EXERCISE PROMPT:
Your output should be the entries below, exact in every detail.

PROVIDED DATA:
Lemma Dzb_g_lambda z : Omega z -> Dzb (g_lambda g lam) z = 0%C.
Proof.
  intros Hz. assert (G1 := C1C_ex_partials Omega g z (C2C_C1C Omega g Hg) Hz).
  assert (Wd := ex_partials_denominator z Hz).
  assert (Wc := ex_partials_const (Ci * RtoC lam)%C z).
  assert (Wl : ex_partials (fun z => (Ci * RtoC lam * g z)%C) z)
    by (apply (ex_partials_mult (fun _ => (Ci * RtoC lam)%C) g); auto).
  assert (Wi : ex_partials (fun z => (/ (1 + Ci * RtoC lam * g z))%C) z)
    by (apply (ex_partials_inv (fun z => (1 + Ci * RtoC lam * g z))%C); auto).
  unfold g_lambda, Cdiv.
  rewrite (Dzb_mult g (fun z => / (1 + Ci * RtoC lam * g z))%C) by auto.
  rewrite (Dzb_inv (fun z => (1 + Ci * RtoC lam * g z))%C) by auto.
  rewrite (Dzb_plus (fun _ => 1%C)) by (auto; apply ex_partials_const).
  rewrite (Dzb_mult (fun _ => (Ci * RtoC lam)%C) g), !Dzb_const, Hhol by auto.
  ring.
Qed.

Section Transformed.
Variable Ql : C -> R.
Hypothesis HQl : forall z, Omega z -> Dz (RC Ql) z = dQl z.

(* Ql_zbar = conj dQl, so (Ql)_{z zbar} = conj (dQl_zbar). *)
Lemma laplacian_g_lambda z : Omega z ->
  Dz (Dzb (RC P)) z = (RtoC (Cmod (g_lambda g lam z) ^ 2) * Dz (Dzb (RC Ql)) z)%C.
Proof.
  intros Hz.
  rewrite Hlap, (Dz_ext_on Omega Ho (Dzb (RC Ql)) (fun w => Cconj (dQl w)))
    by (auto; intros w Hw; rewrite Dzb_RC_Cconj, HQl; auto).
  rewrite Dz_Cconj, Dzb_dQl by auto.
  apply laplacian_transfer; auto. apply (Im_Dz_Dzb_RC Omega); auto.
Qed.

Lemma nondegenerate_g_lambda z : Omega z ->
  (Dz (RC P) z - RtoC (Cmod (g z) ^ 2) * Dz (RC Q) z)%C <> 0%C ->
  (Dz (RC P) z - RtoC (Cmod (g_lambda g lam z) ^ 2) * Dz (RC Ql) z)%C <> 0%C.
Proof.
  intros Hz Hn E. apply Hn.
  rewrite (nondegeneracy_transfer (g z) (Dz (RC P) z) (Dz (RC Q) z) lam) by auto.
  rewrite HQl in E by auto. unfold g_lambda, dQl in E. rewrite E. ring.
Qed.

Lemma WD1_g_lambda : C2R Omega Ql ->
  (forall z, Omega z -> (Dz (RC P) z - RtoC (Cmod (g z) ^ 2) * Dz (RC Q) z)%C <> 0%C) ->
  WD1 Omega (g_lambda g lam) P Ql.
Proof.
  intros HQlc Hnd. split; [apply C2C_g_lambda | split; [auto | split; [auto |]]].
  intros z Hz. split; [|split; [|split]].
  - apply g_lambda_neq0, Hz.
  - apply Dzb_g_lambda, Hz.
  - apply laplacian_g_lambda, Hz.
  - apply nondegenerate_g_lambda, Hnd; exact Hz.
Qed.

End Transformed.
End Transform.

Theorem mainTheorem3 (Omega : C -> Prop) (g : C -> C) (P Q : C -> R) (lam : R) :
  simply_connected Omega ->
  WD1 Omega g P Q ->
  (forall z, Omega z -> (1 + Ci * RtoC lam * g z)%C <> 0%C) ->
  (exists Ql : C -> R, C2R Omega Ql /\
     forall z, Omega z ->
       Dz (RC Ql) z =
       ((/ g z + Ci * RtoC lam) *
        (g z * Dz (RC Q) z - Ci * RtoC lam * Dz (RC P) z))%C) /\
  (forall Ql : C -> R, C2R Omega Ql ->
     (forall z, Omega z ->
       Dz (RC Ql) z =
       ((/ g z + Ci * RtoC lam) *
        (g z * Dz (RC Q) z - Ci * RtoC lam * Dz (RC P) z))%C) ->
     WD1 Omega (fun z => (g z / (1 + Ci * RtoC lam * g z))%C) P Ql).
Proof.
  intros HSC [Hg [HPc [HQc Hpt]]] Hd.
  assert (Ho : open Omega) by apply HSC.
  assert (Hgn : forall z, Omega z -> g z <> 0%C) by apply Hpt.
  assert (Hhol : forall z, Omega z -> Dzb g z = 0%C) by apply Hpt.
  assert (Hlap : forall z, Omega z ->
            Dz (Dzb (RC P)) z = (RtoC (Cmod (g z) ^ 2) * Dz (Dzb (RC Q)) z)%C) by apply Hpt.
  assert (Hnd : forall z, Omega z ->
            (Dz (RC P) z - RtoC (Cmod (g z) ^ 2) * Dz (RC Q) z)%C <> 0%C) by apply Hpt.
  split.
  - exact (exists_Ql Omega g P Q lam Ho Hg HPc HQc Hgn Hhol Hlap HSC).
  - intros Ql HQlc HQl.
    exact (WD1_g_lambda Omega g P Q lam Ho Hg HPc HQc Hgn Hhol Hlap Hd Ql HQl HQlc Hnd).
Qed.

RESPONSE TO THE EXERCISE:
Lemma Dzb_g_lambda z : Omega z -> Dzb (g_lambda g lam) z = 0%C.
Proof.
  intros Hz. assert (G1 := C1C_ex_partials Omega g z (C2C_C1C Omega g Hg) Hz).
  assert (Wd := ex_partials_denominator z Hz).
  assert (Wc := ex_partials_const (Ci * RtoC lam)%C z).
  assert (Wl : ex_partials (fun z => (Ci * RtoC lam * g z)%C) z)
    by (apply (ex_partials_mult (fun _ => (Ci * RtoC lam)%C) g); auto).
  assert (Wi : ex_partials (fun z => (/ (1 + Ci * RtoC lam * g z))%C) z)
    by (apply (ex_partials_inv (fun z => (1 + Ci * RtoC lam * g z))%C); auto).
  unfold g_lambda, Cdiv.
  rewrite (Dzb_mult g (fun z => / (1 + Ci * RtoC lam * g z))%C) by auto.
  rewrite (Dzb_inv (fun z => (1 + Ci * RtoC lam * g z))%C) by auto.
  rewrite (Dzb_plus (fun _ => 1%C)) by (auto; apply ex_partials_const).
  rewrite (Dzb_mult (fun _ => (Ci * RtoC lam)%C) g), !Dzb_const, Hhol by auto.
  ring.
Qed.

Section Transformed.
Variable Ql : C -> R.
Hypothesis HQl : forall z, Omega z -> Dz (RC Ql) z = dQl z.

(* Ql_zbar = conj dQl, so (Ql)_{z zbar} = conj (dQl_zbar). *)
Lemma laplacian_g_lambda z : Omega z ->
  Dz (Dzb (RC P)) z = (RtoC (Cmod (g_lambda g lam z) ^ 2) * Dz (Dzb (RC Ql)) z)%C.
Proof.
  intros Hz.
  rewrite Hlap, (Dz_ext_on Omega Ho (Dzb (RC Ql)) (fun w => Cconj (dQl w)))
    by (auto; intros w Hw; rewrite Dzb_RC_Cconj, HQl; auto).
  rewrite Dz_Cconj, Dzb_dQl by auto.
  apply laplacian_transfer; auto. apply (Im_Dz_Dzb_RC Omega); auto.
Qed.

Lemma nondegenerate_g_lambda z : Omega z ->
  (Dz (RC P) z - RtoC (Cmod (g z) ^ 2) * Dz (RC Q) z)%C <> 0%C ->
  (Dz (RC P) z - RtoC (Cmod (g_lambda g lam z) ^ 2) * Dz (RC Ql) z)%C <> 0%C.
Proof.
  intros Hz Hn E. apply Hn.
  rewrite (nondegeneracy_transfer (g z) (Dz (RC P) z) (Dz (RC Q) z) lam) by auto.
  rewrite HQl in E by auto. unfold g_lambda, dQl in E. rewrite E. ring.
Qed.

Lemma WD1_g_lambda : C2R Omega Ql ->
  (forall z, Omega z -> (Dz (RC P) z - RtoC (Cmod (g z) ^ 2) * Dz (RC Q) z)%C <> 0%C) ->
  WD1 Omega (g_lambda g lam) P Ql.
Proof.
  intros HQlc Hnd. split; [apply C2C_g_lambda | split; [auto | split; [auto |]]].
  intros z Hz. split; [|split; [|split]].
  - apply g_lambda_neq0, Hz.
  - apply Dzb_g_lambda, Hz.
  - apply laplacian_g_lambda, Hz.
  - apply nondegenerate_g_lambda, Hnd; exact Hz.
Qed.

End Transformed.
End Transform.

Theorem mainTheorem3 (Omega : C -> Prop) (g : C -> C) (P Q : C -> R) (lam : R) :
  simply_connected Omega ->
  WD1 Omega g P Q ->
  (forall z, Omega z -> (1 + Ci * RtoC lam * g z)%C <> 0%C) ->
  (exists Ql : C -> R, C2R Omega Ql /\
     forall z, Omega z ->
       Dz (RC Ql) z =
       ((/ g z + Ci * RtoC lam) *
        (g z * Dz (RC Q) z - Ci * RtoC lam * Dz (RC P) z))%C) /\
  (forall Ql : C -> R, C2R Omega Ql ->
     (forall z, Omega z ->
       Dz (RC Ql) z =
       ((/ g z + Ci * RtoC lam) *
        (g z * Dz (RC Q) z - Ci * RtoC lam * Dz (RC P) z))%C) ->
     WD1 Omega (fun z => (g z / (1 + Ci * RtoC lam * g z))%C) P Ql).
Proof.
  intros HSC [Hg [HPc [HQc Hpt]]] Hd.
  assert (Ho : open Omega) by apply HSC.
  assert (Hgn : forall z, Omega z -> g z <> 0%C) by apply Hpt.
  assert (Hhol : forall z, Omega z -> Dzb g z = 0%C) by apply Hpt.
  assert (Hlap : forall z, Omega z ->
            Dz (Dzb (RC P)) z = (RtoC (Cmod (g z) ^ 2) * Dz (Dzb (RC Q)) z)%C) by apply Hpt.
  assert (Hnd : forall z, Omega z ->
            (Dz (RC P) z - RtoC (Cmod (g z) ^ 2) * Dz (RC Q) z)%C <> 0%C) by apply Hpt.
  split.
  - exact (exists_Ql Omega g P Q lam Ho Hg HPc HQc Hgn Hhol Hlap HSC).
  - intros Ql HQlc HQl.
    exact (WD1_g_lambda Omega g P Q lam Ho Hg HPc HQc Hgn Hhol Hlap Hd Ql HQl HQlc Hnd).
Qed.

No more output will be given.